■ Records for this exercise ■
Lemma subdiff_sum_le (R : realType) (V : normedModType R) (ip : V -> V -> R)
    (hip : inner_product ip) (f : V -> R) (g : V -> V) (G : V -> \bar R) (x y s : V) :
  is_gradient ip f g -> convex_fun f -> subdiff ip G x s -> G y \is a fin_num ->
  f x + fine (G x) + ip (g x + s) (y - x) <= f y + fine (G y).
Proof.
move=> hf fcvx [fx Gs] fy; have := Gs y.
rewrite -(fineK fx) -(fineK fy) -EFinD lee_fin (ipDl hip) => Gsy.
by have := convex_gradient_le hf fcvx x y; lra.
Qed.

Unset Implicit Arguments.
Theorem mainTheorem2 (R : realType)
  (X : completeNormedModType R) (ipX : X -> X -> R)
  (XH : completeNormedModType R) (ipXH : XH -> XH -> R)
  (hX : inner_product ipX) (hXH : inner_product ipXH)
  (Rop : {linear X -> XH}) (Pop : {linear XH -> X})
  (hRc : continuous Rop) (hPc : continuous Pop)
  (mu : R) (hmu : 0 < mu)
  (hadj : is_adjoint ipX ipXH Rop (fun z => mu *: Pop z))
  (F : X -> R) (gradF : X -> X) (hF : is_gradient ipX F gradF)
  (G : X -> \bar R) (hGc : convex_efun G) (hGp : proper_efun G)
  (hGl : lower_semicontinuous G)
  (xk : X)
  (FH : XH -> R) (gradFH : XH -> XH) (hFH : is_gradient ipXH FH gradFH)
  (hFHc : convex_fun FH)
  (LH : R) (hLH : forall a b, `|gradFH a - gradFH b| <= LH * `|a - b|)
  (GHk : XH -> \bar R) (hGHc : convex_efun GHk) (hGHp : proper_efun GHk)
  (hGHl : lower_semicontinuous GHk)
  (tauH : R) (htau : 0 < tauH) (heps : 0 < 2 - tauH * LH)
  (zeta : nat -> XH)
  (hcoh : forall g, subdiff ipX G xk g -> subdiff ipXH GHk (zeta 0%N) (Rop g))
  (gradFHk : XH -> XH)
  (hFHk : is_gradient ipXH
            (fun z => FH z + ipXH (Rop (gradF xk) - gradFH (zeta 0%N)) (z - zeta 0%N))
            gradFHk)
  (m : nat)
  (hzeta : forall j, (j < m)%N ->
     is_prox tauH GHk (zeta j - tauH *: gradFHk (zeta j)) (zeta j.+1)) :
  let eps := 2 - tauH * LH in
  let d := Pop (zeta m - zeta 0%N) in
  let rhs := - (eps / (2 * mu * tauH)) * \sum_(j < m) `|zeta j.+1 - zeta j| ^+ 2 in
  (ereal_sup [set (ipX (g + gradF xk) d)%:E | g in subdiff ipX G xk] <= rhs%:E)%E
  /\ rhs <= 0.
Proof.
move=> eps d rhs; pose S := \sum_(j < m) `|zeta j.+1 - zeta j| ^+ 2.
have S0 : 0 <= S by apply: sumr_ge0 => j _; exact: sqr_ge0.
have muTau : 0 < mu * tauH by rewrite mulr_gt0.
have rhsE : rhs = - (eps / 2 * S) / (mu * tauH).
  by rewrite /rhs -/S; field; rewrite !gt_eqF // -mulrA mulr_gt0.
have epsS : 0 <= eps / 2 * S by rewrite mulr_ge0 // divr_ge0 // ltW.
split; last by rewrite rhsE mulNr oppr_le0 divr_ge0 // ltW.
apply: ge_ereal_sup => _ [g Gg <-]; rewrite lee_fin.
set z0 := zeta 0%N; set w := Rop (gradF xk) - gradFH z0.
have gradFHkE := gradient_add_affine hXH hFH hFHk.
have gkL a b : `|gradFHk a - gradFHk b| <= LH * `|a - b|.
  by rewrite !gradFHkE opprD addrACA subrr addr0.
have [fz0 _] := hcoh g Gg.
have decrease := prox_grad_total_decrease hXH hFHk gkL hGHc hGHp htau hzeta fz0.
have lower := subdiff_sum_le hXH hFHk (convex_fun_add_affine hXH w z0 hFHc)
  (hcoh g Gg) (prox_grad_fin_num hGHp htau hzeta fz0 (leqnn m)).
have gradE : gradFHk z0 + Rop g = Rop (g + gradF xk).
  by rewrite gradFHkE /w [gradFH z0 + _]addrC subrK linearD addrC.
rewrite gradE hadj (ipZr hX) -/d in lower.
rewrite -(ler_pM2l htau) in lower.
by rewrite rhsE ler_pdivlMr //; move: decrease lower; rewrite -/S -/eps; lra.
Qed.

■ What this task involves ■
Copy the stretch of the records above that runs from the line with "(GHk : XH ->" through the line with "move=> eps d". Both end lines belong in the copy, and nothing else does.

■ Answer to the exercise ■
  (GHk : XH -> \bar R) (hGHc : convex_efun GHk) (hGHp : proper_efun GHk)
  (hGHl : lower_semicontinuous GHk)
  (tauH : R) (htau : 0 < tauH) (heps : 0 < 2 - tauH * LH)
  (zeta : nat -> XH)
  (hcoh : forall g, subdiff ipX G xk g -> subdiff ipXH GHk (zeta 0%N) (Rop g))
  (gradFHk : XH -> XH)
  (hFHk : is_gradient ipXH
            (fun z => FH z + ipXH (Rop (gradF xk) - gradFH (zeta 0%N)) (z - zeta 0%N))
            gradFHk)
  (m : nat)
  (hzeta : forall j, (j < m)%N ->
     is_prox tauH GHk (zeta j - tauH *: gradFHk (zeta j)) (zeta j.+1)) :
  let eps := 2 - tauH * LH in
  let d := Pop (zeta m - zeta 0%N) in
  let rhs := - (eps / (2 * mu * tauH)) * \sum_(j < m) `|zeta j.+1 - zeta j| ^+ 2 in
  (ereal_sup [set (ipX (g + gradF xk) d)%:E | g in subdiff ipX G xk] <= rhs%:E)%E
  /\ rhs <= 0.
Proof.
move=> eps d rhs; pose S := \sum_(j < m) `|zeta j.+1 - zeta j| ^+ 2.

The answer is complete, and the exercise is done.